ユウと一緒に歩いて出勤するのにどう並んだものか気を遣った。
あまり離れて余所余所しいのも悪いし、近すぎて馴れ馴れしいのもいかがなものか。

「友達以上恋人未満ってとこね」

「え?」

「わたしからどれくらい離れて歩こうかって悩んでたでしょ」

「なんでまた」

「ふらふらと挙動不審な歩き方してるじゃない」

彼女はボクの心を見透かしているようににんまりした。

「週刊誌で読んだのよ。

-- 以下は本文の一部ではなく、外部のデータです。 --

(* Let $S\subseteq N$ be a maximal $1$-switchable set. Then for all $a\in S$ and all $b\in N$, ${\rm s}(1,a,b)\in S$; that is, every element of $N$ that differs from an element of $S$ in at most the first component is also in $S$.
   Context: Fix positive integers $n, r_1,\dots,r_n$, let $N=[r_1]\times\cdots\times[r_n]$, and let $R$ be the polynomial ring over a field in the variables $x_a$, $a\in N$. For $a,b\in N$ and $i\in[n]$, ${\rm s}(i,a,b)\in N$ has $i$-th component $b_i$ and other components equal to those of $a$. Let $d(a,b)=\#\{j: a_j\neq b_j\}$ and $f_{i,a,b}=x_ax_b-x_{{\rm s}(i,a,b)}x_{{\rm s}(i,b,a)}$. A subset $S\subseteq N$ is $1$-switchable if for all $a,b\in S$ with $d(a,b)=2$, ${\rm s}(1,a,b)\in S$. Elements $a,b\in S$ are connected in $S$ if there are $a_0=a,\dots,a_k=b$ in $S$ with $d(a_{j-1},a_j)\le 1$ for all $j$. For $1$-switchable $S$: $\tilde{\mathcal{I}}^{\langle 1\rangle}_S=(f_{1,a,b}: a,b \text{ connected in } S)$, $\mathrm{Var}^{\langle 1\rangle}_S=(x_a: a\notin S)$, $P^{\langle 1\rangle}_S=\mathrm{Var}^{\langle 1\rangle}_S+\tilde{\mathcal{I}}^{\langle 1\rangle}_S$. A $1$-switchable $S$ is maximal $1$-switchable if for every $1$-switchable $T$ properly containing $S$, $P^{\langle 1\rangle}_S$ and $P^{\langle 1\rangle}_T$ are incomparable under inclusion. *)

From HB Require Import structures.
From mathcomp Require Import all_boot all_order all_algebra.
From mathcomp Require Import mpoly.
Set Implicit Arguments. Unset Strict Implicit. Unset Printing Implicit Defensive.
Import GRing.Theory.
Local Open Scope ring_scope.

Section Defs.
Variables (n : nat) (r : 'I_n -> nat).

(* N = [r_1] x ... x [r_n], components 0-indexed: component j lies in 'I_(r j). *)
Definition Ngrid := {dffun forall j : 'I_n, 'I_(r j)}.

Definition dist (a b : Ngrid) : nat := #|[set j | a j != b j]|.

Definition sw (i : 'I_n) (a b : Ngrid) : Ngrid :=
  [ffun j => if j == i then b j else a j].

Definition switchable (i : 'I_n) (S : {set Ngrid}) : Prop :=
  forall a b, a \in S -> b \in S -> dist a b = 2%N -> sw i a b \in S.

Definition connected_in (S : {set Ngrid}) (a b : Ngrid) : bool :=
  [&& a \in S, b \in S &
      connect (fun x y => [&& x \in S, y \in S & (dist x y <= 1)%N]) a b].

Variable F : fieldType.
Notation Poly := {mpoly F[#|{: Ngrid}|]}.

Definition xv (a : Ngrid) : Poly := 'X_(enum_rank a).

Definition fbin (i : 'I_n) (a b : Ngrid) : Poly :=
  xv a * xv b - xv (sw i a b) * xv (sw i b a).

Definition in_ideal (G : Poly -> Prop) (p : Poly) : Prop :=
  exists s : seq (Poly * Poly),
    (forall cg, cg \in s -> G cg.2) /\ p = \sum_(cg <- s) cg.1 * cg.2.

(* generators of P^<i>_S = Var_S + I~^<i>_S *)
Definition P_gens (i : 'I_n) (S : {set Ngrid}) (g : Poly) : Prop :=
  (exists a, a \notin S /\ g = xv a) \/
  (exists a b, connected_in S a b /\ g = fbin i a b).

Definition P_ideal (i : 'I_n) (S : {set Ngrid}) : Poly -> Prop :=
  in_ideal (P_gens i S).

Definition ideal_sub (I J : Poly -> Prop) : Prop := forall p, I p -> J p.

Definition max_switchable (i : 'I_n) (S : {set Ngrid}) : Prop :=
  switchable i S /\
  forall T : {set Ngrid}, switchable i T -> S \proper T ->
    ~ ideal_sub (P_ideal i S) (P_ideal i T) /\
    ~ ideal_sub (P_ideal i T) (P_ideal i S).

End Defs.

(* Let T be the saturation of S in the first coordinate: all c that agree with
   some element of S outside coordinate 1.  T is trivially 1-switchable and
   contains S, and P_T is contained in P_S.  Indeed a variable x_c with c
   outside T has c outside S; for a binomial f_{1,a,b} with a, b connected in T,
   either a and b lie in S, and a chain in T lifts to a chain in S because S is
   switchable (two lifts at distance 2 are joined through their switch); or
   s(1,a,b) and s(1,b,a) lie in S and f_{1,a,b} is minus their binomial; or each
   of the two monomials of f_{1,a,b} has a variable outside S.  Maximality of S
   therefore rules out S being a proper subset of T. *)
From HB Require Import structures.
From mathcomp Require Import all_boot all_order all_algebra.
From mathcomp Require Import mpoly.
Set Implicit Arguments. Unset Strict Implicit. Unset Printing Implicit Defensive.
Import GRing.Theory.
Local Open Scope ring_scope.

Section Ideals.
Variables (n : nat) (r : 'I_n -> nat) (F : fieldType).
Notation Poly := {mpoly F[#|{: Ngrid r}|]}.
Implicit Types (G H : Poly -> Prop) (p q : Poly).

Lemma in_ideal_gen G p : G p -> in_ideal G p.
Proof.
move=> Gp; exists [:: (1, p)]; split; first by move=> cg; rewrite inE => /eqP ->.
by rewrite big_seq1 mul1r.
Qed.

Lemma in_idealD G p q : in_ideal G p -> in_ideal G q -> in_ideal G (p + q).
Proof.
move=> [s [Gs ->]] [t [Gt ->]]; exists (s ++ t); split; last by rewrite big_cat.
by move=> cg; rewrite mem_cat => /orP [/Gs | /Gt].
Qed.

Lemma in_idealMl G c p : in_ideal G p -> in_ideal G (c * p).
Proof.
move=> [s [Gs ->]]; exists [seq (c * cg.1, cg.2) | cg <- s]; split.
  by move=> cg /mapP [x xs ->]; exact: (Gs x xs).
by rewrite big_map mulr_sumr; apply: eq_bigr => x _; rewrite mulrA.
Qed.

Lemma in_idealMr G c p : in_ideal G p -> in_ideal G (p * c).
Proof. by rewrite mulrC; apply: in_idealMl. Qed.

Lemma in_idealN G p : in_ideal G p -> in_ideal G (- p).
Proof. by rewrite -mulN1r; apply: in_idealMl. Qed.

Lemma in_ideal_gens G H p :
  (forall g, H g -> in_ideal G g) -> in_ideal H p -> in_ideal G p.
Proof.
move=> HG [s [Hs ->]]; elim: s Hs => [|cg s IHs] Hs.
  by rewrite big_nil; exists [::]; rewrite big_nil.
rewrite big_cons; apply: in_idealD.
  by apply/in_idealMl/HG/Hs; rewrite mem_head.
by apply: IHs => cg' cg's; apply: Hs; rewrite in_cons cg's orbT.
Qed.

End Ideals.

Section Switch.
Variables (n : nat) (r : 'I_n -> nat) (i : 'I_n).
Implicit Types (a b c x y : Ngrid r).

Lemma swE a b j : sw i a b j = if j == i then b j else a j.
Proof. by rewrite ffunE. Qed.

Lemma sw_id a : sw i a a = a.
Proof. by apply/ffunP => j; rewrite swE if_same. Qed.

Lemma sw_swap a b : sw i (sw i a b) (sw i b a) = a.
Proof. by apply/ffunP => j; rewrite !swE; case: eqP => // ->. Qed.

Lemma sw_swr a b c : sw i (sw i a b) c = sw i a c.
Proof. by apply/ffunP => j; rewrite !swE; case: eqP. Qed.

Lemma sw_swl a b c : sw i a (sw i b c) = sw i a c.
Proof. by apply/ffunP => j; rewrite !swE; case: eqP. Qed.

Lemma dist_sym x y : dist x y = dist y x.
Proof. by apply: eq_card => j; rewrite !inE eq_sym. Qed.

Lemma dist0 x : dist x x = 0%N.
Proof. by apply: eq_card0 => j; rewrite !inE eqxx. Qed.

Lemma dist_sw a b : (dist a (sw i a b) <= 1)%N.
Proof.
rewrite -(cards1 i); apply: subset_leq_card; apply/subsetP => j.
by rewrite !inE swE; case: (eqVneq j i) => // _; rewrite eqxx.
Qed.

Definition adjacent_in (S : {set Ngrid r}) : rel (Ngrid r) :=
  fun x y => [&& x \in S, y \in S & (dist x y <= 1)%N].

Definition saturation (S : {set Ngrid r}) : {set Ngrid r} :=
  [set c | [exists x in S, sw i x c == c]].

Variable S : {set Ngrid r}.

Lemma saturationP c :
  reflect (exists2 x, x \in S & sw i x c = c) (c \in saturation S).
Proof.
rewrite inE; apply: (iffP existsP) => [[x /andP [xS /eqP]] | [x xS sxc]].
  by exists x.
by exists x; rewrite xS sxc eqxx.
Qed.

Lemma sub_saturation : S \subset saturation S.
Proof. by apply/subsetP => x xS; apply/saturationP; exists x; rewrite ?sw_id. Qed.

Lemma saturation_sw a b : a \in saturation S -> sw i a b \in saturation S.
Proof.
case/saturationP => x xS sxa; apply/saturationP; exists x => //.
by rewrite sw_swl -[in RHS]sxa sw_swr.
Qed.

Lemma switchable_saturation : switchable i (saturation S).
Proof. by move=> a b aT _ _; apply: saturation_sw. Qed.

Hypothesis swS : switchable i S.

Lemma lift_adjacent x y x' y' : x' \in S -> y' \in S ->
  sw i x' x = x -> sw i y' y = y -> (dist x y <= 1)%N ->
  connect (adjacent_in S) x' y'.
Proof.
move=> x'S y'S sx sy dxy.
have offi j : j != i -> (x' j != y' j) = (x j != y j).
  by move=> ji; rewrite -sx -sy !swE (negbTE ji).
have [dx'y'|dx'y'_gt1] := leqP (dist x' y') 1.
  by apply: connect1; apply/and3P.
have dx'y'_le2 : (dist x' y' <= 2)%N.
  apply: leq_trans (leq_add (leq_b1 (i \notin [set j | x j != y j])) dxy).
  rewrite -cardsU1; apply: subset_leq_card; apply/subsetP => j.
  by rewrite !inE; case: (eqVneq j i) => //= ji; rewrite offi.
have d2 : dist x' y' = 2%N by apply/eqP; rewrite eqn_leq dx'y'_le2.
have zS : sw i x' y' \in S by apply: swS.
apply: (connect_trans (y := sw i x' y')); apply: connect1; apply/and3P.
  by split=> //; apply: dist_sw.
split=> //; apply: leq_trans dxy; apply: subset_leq_card; apply/subsetP => j.
by rewrite !inE swE; case: (eqVneq j i) => [->|ji]; rewrite ?eqxx // offi.
Qed.

Lemma lift_connect x y x' y' : x' \in S -> y' \in S ->
  sw i x' x = x -> sw i y' y = y ->
  connect (adjacent_in (saturation S)) x y -> connect (adjacent_in S) x' y'.
Proof.
move=> x'S y'S sx sy /connectP [p pxy yE]; move: sy; rewrite {}yE.
elim: p x x' x'S sx pxy => [|z p IHp] x x' x'S sx /=.
  by move=> _ sy; apply: (lift_adjacent x'S y'S sx sy); rewrite dist0.
case/andP=> /and3P [_ /saturationP [z' z'S sz] dxz] pzy sy.
apply: connect_trans (lift_adjacent x'S z'S sx sz dxz) _.
exact: IHp z z' z'S sz pzy sy.
Qed.

Lemma connected_in_saturation a b : a \in S -> b \in S ->
  connected_in (saturation S) a b -> connected_in S a b.
Proof.
move=> aS bS /and3P [_ _ cab]; apply/and3P; split=> //.
exact: lift_connect (sw_id a) (sw_id b) cab.
Qed.

End Switch.

Section SaturationIdeal.
Variables (n : nat) (r : 'I_n -> nat) (i : 'I_n) (F : fieldType).
Variable S : {set Ngrid r}.
Hypothesis swS : switchable i S.
Notation T := (saturation i S).
Notation PS := (P_gens (F := F) i S).

Lemma var_in_P_ideal c : c \notin S -> in_ideal PS (xv F c).
Proof. by move=> cS; apply: in_ideal_gen; left; exists c. Qed.

Lemma monomial_in_P_ideal c d : ~~ ((c \in S) && (d \in S)) ->
  in_ideal PS (xv F c * xv F d).
Proof.
rewrite negb_and => /orP [cS | dS].
  exact/in_idealMr/var_in_P_ideal.
exact/in_idealMl/var_in_P_ideal.
Qed.

Lemma fbin_in_P_ideal a b : connected_in T a b -> in_ideal PS (fbin F i a b).
Proof.
move=> cab; have /and3P [aT bT cab'] := cab.
have [/andP [aS bS] | nab] := boolP ((a \in S) && (b \in S)).
  apply: in_ideal_gen; right; exists a, b; split=> //.
  exact (connected_in_saturation swS aS bS cab).
set u := sw i a b; set v := sw i b a.
have [/andP [uS vS] | nuv] := boolP ((u \in S) && (v \in S)).
  have cuv : connected_in T u v.
    apply/and3P; split; rewrite ?saturation_sw //.
    apply: connect_trans (connect_trans _ cab') _; apply: connect1; apply/and3P.
      by split; rewrite ?saturation_sw // dist_sym dist_sw.
    by split; rewrite ?saturation_sw // dist_sw.
  have -> : fbin F i a b = - fbin F i u v by rewrite /fbin !sw_swap opprB.
  apply/in_idealN/in_ideal_gen; right; exists u, v; split=> //.
  exact (connected_in_saturation swS uS vS cuv).
by apply: in_idealD; last apply: in_idealN; apply: monomial_in_P_ideal.
Qed.

Lemma P_ideal_saturation : ideal_sub (P_ideal (F := F) i T) (P_ideal (F := F) i S).
Proof.
move=> p; apply: in_ideal_gens => _ [[c [cT ->]] | [a [b [cab ->]]]].
  apply: var_in_P_ideal; apply: contra cT; apply/subsetP/sub_saturation.
exact: fbin_in_P_ideal.
Qed.

End SaturationIdeal.

Theorem lemma4p16 (n : nat) (hn : (0 < n)%N) (r : 'I_n -> nat)
  (hr : forall j, (0 < r j)%N) (F : fieldType) (S : {set Ngrid r}) :
  max_switchable F (Ordinal hn) S ->
  forall a b : Ngrid r, a \in S -> sw (Ordinal hn) a b \in S.
Proof.
set i := Ordinal hn; move=> [swS maxS] a b aS; apply: contraT => swabS.
have ST : S \proper saturation i S.
  apply/properP; split; first exact: sub_saturation.
  by exists (sw i a b) => //; apply/saturation_sw/(subsetP (sub_saturation _ _)).
have [_ notTS] := maxS _ (switchable_saturation (S := S)) ST.
by case: (notTS (P_ideal_saturation swS)).
Qed.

恋人関係は45cmより近づくけど、75cm離れたら友だちなんだって」

「そ、そんなの知りませんでした」

「それでいいのよっ。ふふふ」

ギターショップの前でちょうど出勤してきた店長から声をかけられた。

「おはようっ。ちょっと見、同伴出勤やな。ガハハハ」

「もうっ店長!アキラくんは学生なんだから。それにわたしじゃなかったらセクハラですよ」

「許したって。ドラマでも“寛容になりましょう。大目に見ましょう”歌うてたやん」

「朝からいい加減にして下さい。不適切にもほどがあります」

「ごめーん」

店長はユウの指摘を受け流すかのようにそそくさと警報を解除してシャッターを上げだした。

「おはようさん」

ダンも出勤してきたので、4人揃って開店の準備を始める。

「アキラは収納室から掃除機を持ってきて。ホコリが舞わないように吸引力は“弱”で掃除してちょうだい」

「あはい。わかりました」

ショップじゃ新人バイト、帰れば居候とあって頭が上がらない。なによりベースを教わる立場にある。


個人授業

お客さんが少ない時間帯を見計らって、二階のスタジオで手ほどきを受けるという段取りだ。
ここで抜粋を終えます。